We note that there is a discriminatory aspect to the waste flow control regulations in the context of New Jersey's scheme that is not present in a situation like that presented in Panhandle Eastern. A gas or electric utility granted a franchise to serve the needs of all residents within a local area is not ordinarily required to commit to producing its electricity or securing its natural gas supply within that area as well. Normally, both in-state and out-of-state interests may, therefore, compete equally for the franchise award and the creation of a captive consumer base does not, under these circumstances, discriminate against electricity and gas generated or produced out of state.
Under New Jersey's system, collectors of waste — those who supply disposal services at the retail level — are required to secure processing and disposal services from the designated, franchised facility and out-of-state disposal firms are thus excluded not only from the market for such services during the franchise period but also from competing for the franchise.
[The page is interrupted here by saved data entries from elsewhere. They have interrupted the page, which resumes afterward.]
(* Let $X\subseteq 2^\omega$ be such that for all distinct $x,y\in X$ the set $\{n: x(n)\neq y(n)\}$ is infinite, and let $Y\subseteq X$. Let $N$ be a model of ZFC containing $X$ and $Y$, and let $G$ be $\mathbb{Q}(X,Y)$-generic over $N$. For $n<\omega$ put $U_n^G=\bigcup\{[s]: \exists r\in G\ (n,s)\in r\}$. Then $X\cap\bigcap_{n<\omega}U_n^G = X\setminus Y$.
   Context: For $s\in 2^{<\omega}$, $[s]=\{y\in 2^\omega: s\subseteq y\}$ and $|s|$ is the length of $s$. For $x\in 2^\omega$, $s\in 2^{<\omega}$, $k<\omega$, define $\mathrm{swap}(x,s,k)=\{y\in 2^\omega: s\subseteq y,\ |\{i\geq |s|: y(i)\neq x(i)\}|\leq k\}$. The poset $\mathbb{Q}(X,Y)$ consists of all finite sets $r$ of elements of the form $(n,s)$ with $n<\omega$, $s\in 2^{<\omega}$, or of the form $(n,(x,t,k))$ with $x\in Y$, $t\in 2^{<\omega}$, $n,k<\omega$, subject to the condition: whenever $(n,s)\in r$ and $(n,(x,t,k))\in r$ (same $n$), then $[s]\cap\mathrm{swap}(x,t,k)=\emptyset$. The ordering is reverse inclusion: $r_1\le r_2$ iff $r_1\supseteq r_2$. *)

From Stdlib Require Import List Arith.
Import ListNotations.

Definition cantor := nat -> bool.

Definition prefix (s : list bool) (y : cantor) : Prop :=
  forall i, i < length s -> nth i s false = y i.

Definition swapset (x : cantor) (s : list bool) (k : nat) (y : cantor) : Prop :=
  prefix s y /\
  exists l : list nat, length l <= k /\
    (forall i, length s <= i -> y i <> x i -> In i l).

Definition infinitely_different (x y : cantor) : Prop :=
  forall m, exists n, m <= n /\ x n <> y n.

Inductive elt : Type :=
| Basic : nat -> list bool -> elt
| Swap : nat -> cantor -> list bool -> nat -> elt.

Definition cond := elt -> Prop.

Definition finite_cond (r : cond) : Prop :=
  exists l : list elt, forall e, r e <-> In e l.

Definition QXY (X Y : cantor -> Prop) (r : cond) : Prop :=
  finite_cond r /\
  (forall n x t k, r (Swap n x t k) -> Y x) /\
  (forall n s x t k, r (Basic n s) -> r (Swap n x t k) ->
      forall y, ~ (prefix s y /\ swapset x t k y)).

Definition qle (r1 r2 : cond) : Prop := forall e, r2 e -> r1 e.

Definition dense_in (X Y : cantor -> Prop) (D : cond -> Prop) : Prop :=
  (forall r, D r -> QXY X Y r) /\
  (forall p, QXY X Y p -> exists q, D q /\ qle q p).

Definition qfilter (X Y : cantor -> Prop) (G : cond -> Prop) : Prop :=
  (forall r, G r -> QXY X Y r) /\
  (exists r, G r) /\
  (forall p q, G p -> QXY X Y q -> qle p q -> G q) /\
  (forall p q, G p -> G q -> exists r, G r /\ qle r p /\ qle r q).

(* G is a filter meeting every dense set in the family DN
   (DN represents the dense subsets of Q(X,Y) belonging to the ground model N) *)
Definition generic_over (X Y : cantor -> Prop) (DN : (cond -> Prop) -> Prop)
  (G : cond -> Prop) : Prop :=
  qfilter X Y G /\
  (forall D, DN D -> dense_in X Y D -> exists r, G r /\ D r).

(* Sets of conditions definable in N from X, Y (hence belonging to N). *)
Definition D_basic (X Y : cantor -> Prop) (x : cantor) (n : nat) : cond -> Prop :=
  fun r => QXY X Y r /\ exists s, r (Basic n s) /\ prefix s x.

Definition D_swap (X Y : cantor -> Prop) (y : cantor) : cond -> Prop :=
  fun r => QXY X Y r /\ exists n t k, r (Swap n y t k) /\ prefix t y.

(* Minimal closure assumption on the ground model N containing X and Y. *)
Definition ground_model_for (X Y : cantor -> Prop) (DN : (cond -> Prop) -> Prop) : Prop :=
  (forall x n, X x -> DN (D_basic X Y x n)) /\
  (forall y, Y y -> DN (D_swap X Y y)).

Definition U_G (G : cond -> Prop) (n : nat) (y : cantor) : Prop :=
  exists r s, G r /\ r (Basic n s) /\ prefix s y.

(* A point z of X lies outside U_n^G exactly when some condition of G
   places a swap clause (n, (z, t, k)) with t a prefix of z: such a clause
   forbids every basic open set [s] around z at index n.  Genericity against
   D_swap puts such a clause in G for every z in Y.  Conversely, for z in
   X \ Y every swap clause (n, (x, t, k)) of a condition has x in Y, hence
   x <> z, so x and z differ at infinitely many places; an initial segment s
   of z long enough to contain k+1 of them beyond |t| makes [s] disjoint
   from swap(x, t, k).  Hence D_basic is dense and G puts z in every U_n^G. *)

From Stdlib Require Import List Arith Lia.
Import ListNotations.

Definition elt_index (e : elt) : nat :=
  match e with Basic n _ | Swap n _ _ _ => n end.

Definition cond_add (p : cond) (e : elt) : cond := fun e' => p e' \/ e' = e.

Definition basic_disjoint_swap (s : list bool) (x : cantor) (t : list bool) (k : nat) :=
  forall y, ~ (prefix s y /\ swapset x t k y).

Definition restrict (z : cantor) (L : nat) : list bool := map z (seq 0 L).

Lemma length_restrict z L : length (restrict z L) = L.
Proof. unfold restrict. now rewrite length_map, length_seq. Qed.

Lemma prefix_restrict z L : prefix (restrict z L) z.
Proof.
  intros i Hi. rewrite length_restrict in Hi. unfold restrict.
  rewrite (nth_indep _ false (z 0)) by now rewrite length_map, length_seq.
  now rewrite map_nth, seq_nth.
Qed.

Lemma swapset_refl x t k : prefix t x -> swapset x t k x.
Proof.
  intros Ht. split; [exact Ht|]. exists []. split; [simpl; lia|].
  intros i _ Hne. now elim Hne.
Qed.

Lemma uniform_bound_list {A : Type} (P : A -> nat -> Prop)
  (P_mono : forall a L L', L <= L' -> P a L -> P a L') (l : list A) :
  (forall a, In a l -> exists L, P a L) -> exists L, forall a, In a l -> P a L.
Proof.
  induction l as [|a l IH]; intros Hl.
  - exists 0. intros a [].
  - destruct (Hl a (or_introl eq_refl)) as [La Ha].
    destruct IH as [Ll Hll]; [intros b Hb; exact (Hl b (or_intror Hb))|].
    exists (Nat.max La Ll). intros b [<-|Hb].
    + apply (P_mono _ La); [lia|exact Ha].
    + apply (P_mono _ Ll); [lia|exact (Hll b Hb)].
Qed.

Lemma finite_cond_fresh_index (p : cond) :
  finite_cond p -> exists n, forall e, p e -> elt_index e <> n.
Proof.
  intros [l Hl].
  destruct (uniform_bound_list (fun e L => elt_index e < L)) with (l := l)
    as [L HL].
  - intros e L L' HLL' He. lia.
  - intros e _. exists (S (elt_index e)). lia.
  - exists L. intros e He. specialize (HL e (proj1 (Hl e) He)). lia.
Qed.


Lemma qle_cond_add p e : qle (cond_add p e) p.
Proof. intros e' He'. now left. Qed.

Lemma finite_cond_add p e : finite_cond p -> finite_cond (cond_add p e).
Proof.
  intros [l Hl]. exists (e :: l). intros e'. unfold cond_add. rewrite Hl.
  simpl. split; intros [H|H]; auto.
Qed.

Lemma QXY_add_basic X Y p n s :
  QXY X Y p ->
  (forall x t k, p (Swap n x t k) -> basic_disjoint_swap s x t k) ->
  QXY X Y (cond_add p (Basic n s)).
Proof.
  intros (Hfin & HY & Hcomp) Hdisj. split; [now apply finite_cond_add|split].
  - intros m x t k [H|H]; [exact (HY _ _ _ _ H)|discriminate].
  - intros m s' x t k [Hb|Hb] [Hs|Hs]; try discriminate.
    + exact (Hcomp _ _ _ _ _ Hb Hs).
    + injection Hb as -> ->. exact (Hdisj _ _ _ Hs).
Qed.

Lemma QXY_add_swap X Y p n x t k :
  QXY X Y p -> Y x -> (forall e, p e -> elt_index e <> n) ->
  QXY X Y (cond_add p (Swap n x t k)).
Proof.
  intros (Hfin & HY & Hcomp) Yx Hfresh. split; [now apply finite_cond_add|split].
  - intros m x' t' k' [H|H]; [exact (HY _ _ _ _ H)|now injection H as -> -> -> ->].
  - intros m s x' t' k' [Hb|Hb] [Hs|Hs]; try discriminate.
    + exact (Hcomp _ _ _ _ _ Hb Hs).
    + injection Hs as -> _ _ _. now elim (Hfresh _ Hb).
Qed.


Lemma D_swap_dense X Y y : Y y -> dense_in X Y (D_swap X Y y).
Proof.
  intros Yy. split; [now intros r [Hr _]|].
  intros p Hp. destruct (finite_cond_fresh_index p (proj1 Hp)) as [n Hn].
  exists (cond_add p (Swap n y [] 0)).
  split; [|apply qle_cond_add].
  split; [now apply QXY_add_swap|].
  exists n, [], 0. split; [now right|]. intros i Hi. simpl in Hi. lia.
Qed.

Lemma not_U_G_of_swap X Y G r n y t k :
  qfilter X Y G -> G r -> r (Swap n y t k) -> prefix t y -> ~ U_G G n y.
Proof.
  intros (GQ & _ & _ & Gdir) Gr Hr Ht (r' & s & Gr' & Hr' & Hs).
  destruct (Gdir r r' Gr Gr') as (q & Gq & Hq & Hq').
  destruct (GQ q Gq) as (_ & _ & Hcomp).
  apply (Hcomp n s y t k (Hq' _ Hr') (Hq _ Hr) y).
  split; [exact Hs|now apply swapset_refl].
Qed.


Lemma infinitely_different_positions x z :
  infinitely_different x z -> forall m k, exists ps L,
    NoDup ps /\ length ps = k /\ forall i, In i ps -> m <= i < L /\ x i <> z i.
Proof.
  intros Hxz m k. induction k as [|k (ps & L & Hnd & Hlen & Hps)].
  - exists [], m. split; [constructor|split; [reflexivity|intros i []]].
  - destruct (Hxz (Nat.max m L)) as (i & Hi & Hxzi).
    exists (i :: ps), (S i). split; [|split].
    + constructor; [|exact Hnd]. intros Hin. specialize (Hps i Hin). lia.
    + simpl. lia.
    + intros j [<-|Hj]; [split; [lia|exact Hxzi]|].
      destruct (Hps j Hj) as [? ?]. split; [lia|assumption].
Qed.

(* Beyond [|t|], the k+1 places where x and z differ inside a long enough
   initial segment of z would all have to be swaps, but only k are allowed. *)
Lemma long_prefix_disjoint_swap x z t k :
  infinitely_different x z -> exists L, forall s,
    L <= length s -> prefix s z -> basic_disjoint_swap s x t k.
Proof.
  intros Hxz.
  destruct (infinitely_different_positions x z Hxz (length t) (S k))
    as (ps & L & Hnd & Hlen & Hps).
  exists L. intros s HL Hsz y [Hsy [_ (l & Hl & Hcov)]].
  assert (Hincl : incl ps l).
  { intros i Hi. destruct (Hps i Hi) as [[Hti HiL] Hxzi].
    apply Hcov; [exact Hti|].
    rewrite <- (Hsy i) by lia. rewrite (Hsz i) by lia.
    intros Heq. now apply Hxzi. }
  pose proof (NoDup_incl_length Hnd Hincl). lia.
Qed.

Lemma D_basic_dense X Y z n
  (hX : forall x y, X x -> X y -> x <> y -> infinitely_different x y)
  (hYX : forall y, Y y -> X y) :
  X z -> ~ Y z -> dense_in X Y (D_basic X Y z n).
Proof.
  intros Xz nYz. split; [now intros r [Hr _]|].
  intros p Hp. pose proof Hp as [[lp Hlp] [HY _]].
  destruct (uniform_bound_list (fun e L => forall m x t k, e = Swap m x t k ->
      forall s, L <= length s -> prefix s z -> basic_disjoint_swap s x t k))
    with (l := lp) as [L HL].
  - intros e L L' HLL' He m x t k -> s Hs. apply (He m x t k eq_refl). lia.
  - intros [m s|m x t k] He.
    + exists 0. discriminate.
    + apply Hlp in He. pose proof (HY _ _ _ _ He) as Yx.
      assert (x <> z) by (intros ->; contradiction).
      destruct (long_prefix_disjoint_swap x z t k (hX x z (hYX x Yx) Xz H))
        as [L HL].
      exists L. intros ? ? ? ? [= <- <- <- <-]. exact HL.
  - exists (cond_add p (Basic n (restrict z L))). split; [|apply qle_cond_add].
    split.
    + apply QXY_add_basic; [exact Hp|].
      intros x t k Hs. apply (HL _ (proj1 (Hlp _) Hs) n x t k eq_refl).
      * now rewrite length_restrict.
      * apply prefix_restrict.
    + exists (restrict z L). split; [now right|apply prefix_restrict].
Qed.

Theorem mainTheorem2 (X Y : cantor -> Prop)
  (hX : forall x y, X x -> X y -> x <> y -> infinitely_different x y)
  (hYX : forall y, Y y -> X y)
  (DN : (cond -> Prop) -> Prop) (hN : ground_model_for X Y DN)
  (G : cond -> Prop) (hG : generic_over X Y DN G) :
  forall z : cantor, (X z /\ forall n, U_G G n z) <-> (X z /\ ~ Y z).
Proof.
  intros z. destruct hN as [hNbasic hNswap]. destruct hG as [Gfilter Gmeets].
  split; intros [Xz Hz]; split; try exact Xz.
  - intros Yz.
    destruct (Gmeets _ (hNswap z Yz) (D_swap_dense X Y z Yz))
      as (r & Gr & _ & n & t & k & Hr & Ht).
    exact (not_U_G_of_swap X Y G r n z t k Gfilter Gr Hr Ht (Hz n)).
  - intros n.
    destruct (Gmeets _ (hNbasic z n Xz) (D_basic_dense X Y z n hX hYX Xz Hz))
      as (r & Gr & _ & s & Hr & Hs).
    now exists r, s.
Qed.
The burden on the flow of services from out of state in the situation now before us is thus far greater than the burden on the flow of electricity and gas from out-of-state in the traditional public utility regulation situation.
We thus conclude that the public utility aspects of New Jersey's solid waste disposal scheme do not require application of the Pike balancingtest.
As an alternative to its argument that the nature of the New Jersey waste disposal scheme distinguishes it from the ordinance in C & A Carbone and requires that its waste flow regulations be subject to a more lenient level of scrutiny, the Department contends that the nature of the system earns the regulations the protection of the market participant doctrine. The supreme court has recognized what amounts to an exception from the restraints of the dormant Commerce Clause for otherwise discriminatory action taken by a governmental entity in its role as a market participant, rather than as a market regulator. The market participant doctrine "differentiates between a State's acting in its distinctive governmental capacity, and a State's acting in the more general capacity of a market participant." New Energy Co. of Indiana v. Limbach, 486 U.S. 269, 277 (1988). When a governmental entity enters the market place in a capacity analogous to that of private market participants and makes decisions analogous to those made by private market participants, its decisions are not subject to dormant Commerce Clause scrutiny. Thus, "'[t]he Commerce Clause does not prohibit all state action designed to give its residents an advantage in the marketplace, but only action of that description in connection with the State's regulation of interstate commerce.'" Oregon Waste Systems v. Department of Environmental Quality, 114 S. Ct. 1345, 1354 n.9 (1994) (quoting New Energy Co. of Indiana v. Limbach, 486 U.S. 269, 278 (1988)).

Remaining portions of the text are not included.